Bulan Rabiul Awal adalah momen istimewa untuk mengenal Rasulullah SAW lebih dekat melalui ayat-ayat Al-Qur’an.
Kita patut bersyukur dijadikan bagian dari umat Muhammad SAW, sebuah anugerah yang luar biasa.
Fokus bahasan kali ini adalah Surah Al-A’raf ayat 157, yang menjelaskan sifat-sifat Rasulullah yang telah tertulis bahkan dalam kitab-kitab terdahulu.
Makna “Nabi Ummi”: Sebuah Mukjizat
Al-Qur’an menyebut Rasulullah sebagai An-Nabiyyal Ummi. Secara harfiah, Ummi berarti tidak membaca dan tidak menulis.
Namun, bagi Rasulullah, sifat ini bukanlah kekurangan, melainkan mukjizat terbesar.
Beliau tidak belajar dari manusia manapun, namun membawa konsep kehidupan paling lengkap bagi dunia; gurunya langsung adalah Allah SWT.
Sebutan ini juga merujuk pada asal beliau dari Ummul Qura (Mekkah) atau sebagai sosok yang tetap suci seperti saat dilahirkan ibunya.
Lima Tugas Utama Rasulullah dalam Taurat dan Injil
Berdasarkan ayat tersebut, terdapat lima sifat dan tugas Rasulullah yang sudah termaktub dalam kitab Taurat dan Injil:
- Ya’muru bil Ma’ruf (Memerintahkan Kebaikan):
Beliau selalu mengajak pada hal-hal yang dicintai jiwa yang bersih. - Yanha ‘anil Munkar (Melarang Kemunkaran):
Beliau mencegah umat dari perbuatan yang diingkari akal sehat. - Yuhillu lahumuth Thoyyibat (Menghalalkan yang Baik):
Semua yang dihalalkan Islam pasti membawa manfaat dan kebahagiaan, baik di dunia maupun akhirat. - Yuharrimu ‘alaihimul Khabaits (Mengharamkan yang Buruk):
Apa yang dilarang (seperti khamr) pasti mengandung bahaya (mubhorot) bagi manusia. - Yadha’u ‘anhum Ishrahum (Melepaskan Beban dan Belenggu):
Ini adalah tugas untuk meringankan beban syariat umat terdahulu yang sangat berat (seperti perintah bunuh diri untuk taubat atau memotong baju yang terkena najis).
Rasulullah membawa prinsip kemudahan: “Yassiru wala tu’assiru” (permudahlah dan jangan dipersulit).

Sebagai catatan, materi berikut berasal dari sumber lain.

Lemma complete_multipartite_iso :
  #|T| = (m * m)%N -> (0 < m)%N -> graph_iso e (Kmulti m m).
Proof.
move=> card_T m_gt0.
have index_part x : (index (part x) (enum parts) < m)%N.
  by rewrite -(card_parts card_T m_gt0) cardE index_mem mem_enum imset_f ?inE.
have index_in_part x : (index x (enum (part x)) < m)%N.
  by rewrite -(card_part x) cardE index_mem mem_enum.
pose f x : 'I_m * 'I_m := (Ordinal (index_part x), Ordinal (index_in_part x)).
have f1_eq x y : ((f x).1 == (f y).1) = ~~ e x y.
  rewrite -part_eq -val_eqE /=; apply/eqP/eqP => [|-> //].
  by move/(index_inj (part x)); apply; rewrite mem_enum imset_f ?inE.
have f_inj : injective f.
  move=> x y /[dup] fxy /(congr1 (fun p => val p.2)) /=.
  have /eqP part_xy : part x == part y by rewrite part_eq -f1_eq fxy.
  rewrite part_xy => /(index_inj x); apply; rewrite mem_enum ?in_part //.
  by rewrite -part_xy in_part.
exists f; split; first by apply: inj_card_bij f_inj _; rewrite card_prod !card_ord card_T.
by move=> x y; rewrite /Kmulti /= f1_eq negbK.
Qed.

End CompleteMultipartiteIso.

Lemma graph_iso_card (T T' : finType) (e : rel T) (e' : rel T') :
  graph_iso e e' -> #|T| = #|T'|.
Proof. by case=> f [f_bij _]; apply: bij_eq_card f_bij. Qed.

Lemma graph_iso_regular (T T' : finType) (e : rel T) (e' : rel T') k :
  graph_iso e e' -> (forall x', #|[set y' | e' x' y']| = k) ->
  forall x, #|[set y | e x y]| = k.
Proof.
case=> f [f_bij f_edge] e'_reg x; rewrite -(e'_reg (f x)) -(card_imset _ (bij_inj f_bij)).
apply: eq_card => y'; have [g fK gK] := f_bij.
rewrite inE; apply/imsetP/idP => [[y] | e'_xy].
  by rewrite inE => + ->; rewrite f_edge.
by exists (g y'); rewrite ?inE ?f_edge gK.
Qed.

Lemma Kmulti_sym a m : symmetric (Kmulti a m).
Proof. by move=> x y; rewrite /Kmulti /= eq_sym. Qed.

Lemma Kmulti_irr a m : irreflexive (Kmulti a m).
Proof. by move=> x; rewrite /Kmulti /= eqxx. Qed.

Lemma Kmulti_complete_multipartite a m : complete_multipartite (Kmulti a m).
Proof. by move=> x y z; rewrite /Kmulti /= !negbK => /eqP ->. Qed.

Al-Qur’an sebagai Cahaya yang Menyatu
Pengikut Rasulullah adalah mereka yang beriman, membela, menghormati, dan mengikuti “Cahaya” yang turun bersama beliau, yaitu Al-Qur’an.
Al-Qur’an disebut turun “bersama” (ma’ahu) beliau karena sosok Rasulullah adalah Al-Qur’an yang berjalan; akhlak beliau adalah pengejawantahan ayat-ayat Allah.
Tanpa Al-Qur’an, umat akan hidup dalam kegelapan dan penyakit mental.